GridSearchCV on DecisionTreeClassifier

6.7k Views Asked by At

I'm trying to run a GridSearchCV over a DecisionTreeClassifier, with the only hyper-parameter being max_depth. The two versions I ran this with are:

max_depth = range(1,20)

The best_estimator_ attribute shows a max_depth of 15 while the scoring function shows 0.8880 on the test set

max_depth = range(1,15)

The best_estimator_ attribute shows a max_depth of 10 with a higher score of 0.8907.

My question is, why doesn't GridSearchCV pick a max_depth of 10 the first time around if it gives a better score?

The code is as follows:

from sklearn.grid_search import GridSearchCV
from sklearn.metrics import make_scorer

clf = tree.DecisionTreeClassifier(random_state=7)

parameters = {"max_depth": range(1,20), "random_state":[7]}

scorer = make_scorer(fbeta_score,beta=0.5)

grid_obj = GridSearchCV(estimator=clf,param_grid=parameters,scoring=scorer)

grid_fit =grid_obj.fit(X_train,y_train)

best_clf = grid_fit.best_estimator_

predictions = (clf.fit(X_train, y_train)).predict(X_test)
best_predictions = best_clf.predict(X_test)

# Report the before-and-afterscores
print best_clf

print "\nOptimized Model\n------"
print "Final accuracy score on the testing data: 
{:.4f}".format(accuracy_score(y_test, best_predictions))
print "Final F-score on the testing data: {:.4f}".format(fbeta_score(y_test, 
best_predictions, beta = 0.5))
1

There are 1 best solutions below

0
On

Your Question

Why doesn't GridSearchCV pick a max_depth of 10 the first time around if it gives a better score?

My Answer (as I understand it, that I've acquired through too many past sources to cite)

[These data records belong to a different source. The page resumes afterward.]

Lemma sum_dist_nat (t l1 l2 : C) (k1 k2 : nat) : l1 + l2 = t ->
  cabs (t - (k1 + k2)%:R) <= cabs (l1 - k1%:R) + cabs (l2 - k2%:R).
Proof.
move=> <-; rewrite natrD (_ : _ - _ = (l1 - k1%:R) + (l2 - k2%:R)); last by ring.
exact: cabsD.
Qed.

Lemma trace_near_nat X d : 0 <= d -> d < 3%:R / 100%:R ->
  hs_norm (X *m X - X) <= val d ->
  exists k : nat, (k <= 2)%N /\ 20%:R * cabs (\tr X - k%:R) < 1.
Proof.
move=> d_ge0 d_small idem.
have [l1 [l2 [k1 [k2 [sum _ small]]]]] := almost_idempotent_spectrum d_ge0 d_small idem.
exists (k1 + k2)%N; split; first by case: k1 k2 {sum small} => [] [].
have := sum_dist_nat k1 k2 sum; have := cabs_ge0 (\tr X - (k1 + k2)%:R); lra.
Qed.

Lemma near_nat_unique (t : C) (j k : nat) : 20%:R * cabs (t - k%:R) < 1 ->
  cabs (t - j%:R) < 95%:R / 100%:R -> j = k.
Proof.
move=> near_k near_j; apply/eqP; apply: contraT => j_neq_k.
have dist_ge1 : 1 <= cabs (j%:R - k%:R : C).
  have [j_le_k | k_lt_j] := leqP j k.
    rewrite (_ : _ - _ = - (k - j)%:R); last by rewrite natrB // opprB.
    by rewrite cabsN cabs_nat (ler1n (realC C)) subn_gt0 ltn_neqAle j_neq_k.
  by rewrite -natrB ?cabs_nat ?(ler1n (realC C)) ?subn_gt0 // ltnW.
have := cabsB (t - k%:R) (t - j%:R); rewrite (_ : _ - _ = j%:R - k%:R); last by ring.
have := cabs_ge0 (t - k%:R); lra.
Qed.

(* An almost idempotent matrix in S_2 has both eigenvalues near 1: tr near 2, det near 1. *)
Lemma near_identity F d : 0 <= d -> d < 3%:R / 100%:R ->
  hs_norm (F *m F - F) <= val d -> cabs (\tr F - 2%:R) < 95%:R / 100%:R ->
  20%:R * cabs (\tr F - 2%:R) < 1 /\ 10%:R * cabs (\det F - 1) < 1.
Proof.
move=> d_ge0 d_small idem near2.
have [l1 [l2 [k1 [k2 [sum prod small]]]]] := almost_idempotent_spectrum d_ge0 d_small idem.
have dist := sum_dist_nat k1 k2 sum.
have dist_ge0 := cabs_ge0 (\tr F - (k1 + k2)%:R).
have k_sum : 2%N = (k1 + k2)%N by apply: (near_nat_unique _ near2); lra.
have [k1_true k2_true] : k1 = true /\ k2 = true by case: k1 k2 k_sum {dist dist_ge0 small} => [] [].
rewrite k1_true k2_true /= mulr1n in small dist.
have u1 := cabs_ge0 (l1 - 1); have u2 := cabs_ge0 (l2 - 1).
split; first lra.
rewrite (_ : \det F - 1 = (l1 - 1) * (l2 - 1) + (l1 - 1) + (l2 - 1)); last by rewrite -prod; ring.
have := cabsD ((l1 - 1) * (l2 - 1) + (l1 - 1)) (l2 - 1).
have := cabsD ((l1 - 1) * (l2 - 1)) (l1 - 1); rewrite cabsM; nra.
Qed.

Lemma almost_fixed_trace E F d : 0 <= d -> d < 3%:R / 100%:R ->
  hs_norm (F *m F - F) <= val d -> hs_norm (E *m F - F) <= val d ->
  cabs (\tr F - 2%:R) < 95%:R / 100%:R -> cabs (\tr E - 2%:R) < 95%:R / 100%:R.
Proof.
move=> d_ge0 d_small idem fixed nearF.
have [trF_near detF_near] := near_identity d_ge0 d_small idem nearF.
have hsM := hs_sq_le d_ge0 idem; have hsN := hs_sq_le d_ge0 fixed.
have key := congr1 (@cabs C) (trace_identity E F); rewrite /= !cabsM in key.
set t := \tr F in trF_near key; set D := \det F in detF_near key.
have v_ge0 := cabs_ge0 (t - 2%:R); have w_ge0 := cabs_ge0 (D - 1).
have t1E : t - 1 - 1 = t - 2%:R by ring.
have D_ge : 9%:R / 10%:R <= cabs D.
  by have := cabs_ge_shift D 1; rewrite cabs1; lra.
have t1_ge : 19%:R / 20%:R <= cabs (t - 1).
  by have := cabs_ge_shift (t - 1) 1; rewrite cabs1 t1E; lra.
have K_le : cabs (t * (t - 1) - D) <= 4%:R.
  have t_le : cabs t <= 2%:R + cabs (t - 2%:R) by rewrite -(cabs_nat _ 2) cabs_le_shift.
  have t1_le : cabs (t - 1) <= 1 + cabs (t - 2%:R).
    by have := cabs_le_shift (t - 1) 1; rewrite cabs1 t1E.
  have D_le : cabs D <= 1 + cabs (D - 1) by have := cabs_le_shift D 1; rewrite cabs1.
  have prod_le := ler_pM (cabs_ge0 _) (cabs_ge0 _) t_le t1_le.
  have := cabsB (t * (t - 1)) D; rewrite cabsM; nra.
apply: (@trace_estimate (realC C) _ _ _ _ _ _ d D_ge t1_ge (cabs_ge0 _) K_le (cabs_ge0 _)
  (trace_le_hs d_ge0 hsN) (trace_mul_le_hs d_ge0 hsN hsM) d_ge0 d_small).
by rewrite key; apply: le_trans (cabsB _ _) _; rewrite cabsM.
Qed.

End AlmostIdempotent.

Unset Implicit Arguments.

Theorem lemmal (C : numClosedFieldType) (S : Type) (mul : S -> S -> S)
  (delta : C) (theta : S -> 'M[C]_2) :
  is_semilattice mul ->
  0 <= delta -> delta < 3%:R / 100%:R ->
  (forall e f : S, hs_norm (theta e *m theta f - theta (mul e f)) <= delta) ->
  (forall e f : S, in_Sk theta 2 f -> mul e f = f -> in_Sk theta 2 e) /\
  (forall x y : S, in_Sk theta 1 x -> in_Sk theta 1 y ->
     in_Sk theta 1 (mul x y) \/ in_Sk theta 0 (mul x y)).
Proof.
move=> [mulA [_ mulI]] delta_ge0 delta_small near_mult.
pose d : realC C := Sub delta (ger0_real delta_ge0).
have d_ge0 : 0 <= d by rewrite realC_leE.
have d_small : d < 3%:R / 100%:R by rewrite realC_ltE val_ratio.
have idem z : hs_norm (theta z *m theta z - theta z) <= val d.
  by have := near_mult z z; rewrite mulI.
have in_SkE k z : in_Sk theta k z <-> cabs (\tr (theta z) - k%:R) < 95%:R / 100%:R.
  by rewrite /in_Sk realC_ltE val_ratio.
have absorb e f : in_Sk theta 2 f -> mul e f = f -> in_Sk theta 2 e.
  move=> /in_SkE near_f ef_f; apply/in_SkE.
  apply: (almost_fixed_trace d_ge0 d_small (idem f) _ near_f).
  by have := near_mult e f; rewrite ef_f.
split=> // x y /in_SkE x_S1 _.
have [k [k_le2 near_k]] := trace_near_nat d_ge0 d_small (idem (mul x y)).
have xy_Sk : in_Sk theta k (mul x y).
  by apply/in_SkE; have := cabs_ge0 (\tr (theta (mul x y)) - k%:R); lra.
case: k k_le2 xy_Sk {near_k} => [|[|[|//]]] _ xy_Sk; [by right | by left |].
(* xy in S_2 would force x in S_2 by part (i), since x (xy) = xy. *)
have /in_SkE x_S2 : in_Sk theta 2 x by apply: (absorb _ _ xy_Sk); rewrite mulA mulI.
have [j [_ near_j]] := trace_near_nat d_ge0 d_small (idem x).
by have := near_nat_unique near_j x_S2; rewrite -(near_nat_unique near_j x_S1).
Qed.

The deeper the tree goes, the more intricacies about the training data it learns. This is called "overfitting" where it learns the training data really well but might not generalize well on unseen data. Why is the default hyperparameter max_depth=3 ? That is a design decision by the sklearn team.

But why max_depth=3?

The developers probably determine this by considering a default value that is applicable to most use-cases. They also might have determined that 3 generalizes better on unseen data.

Decision trees are random

You won't get the same best_estimator_ every time you re-run. Try using random_state to make it repeatable each time.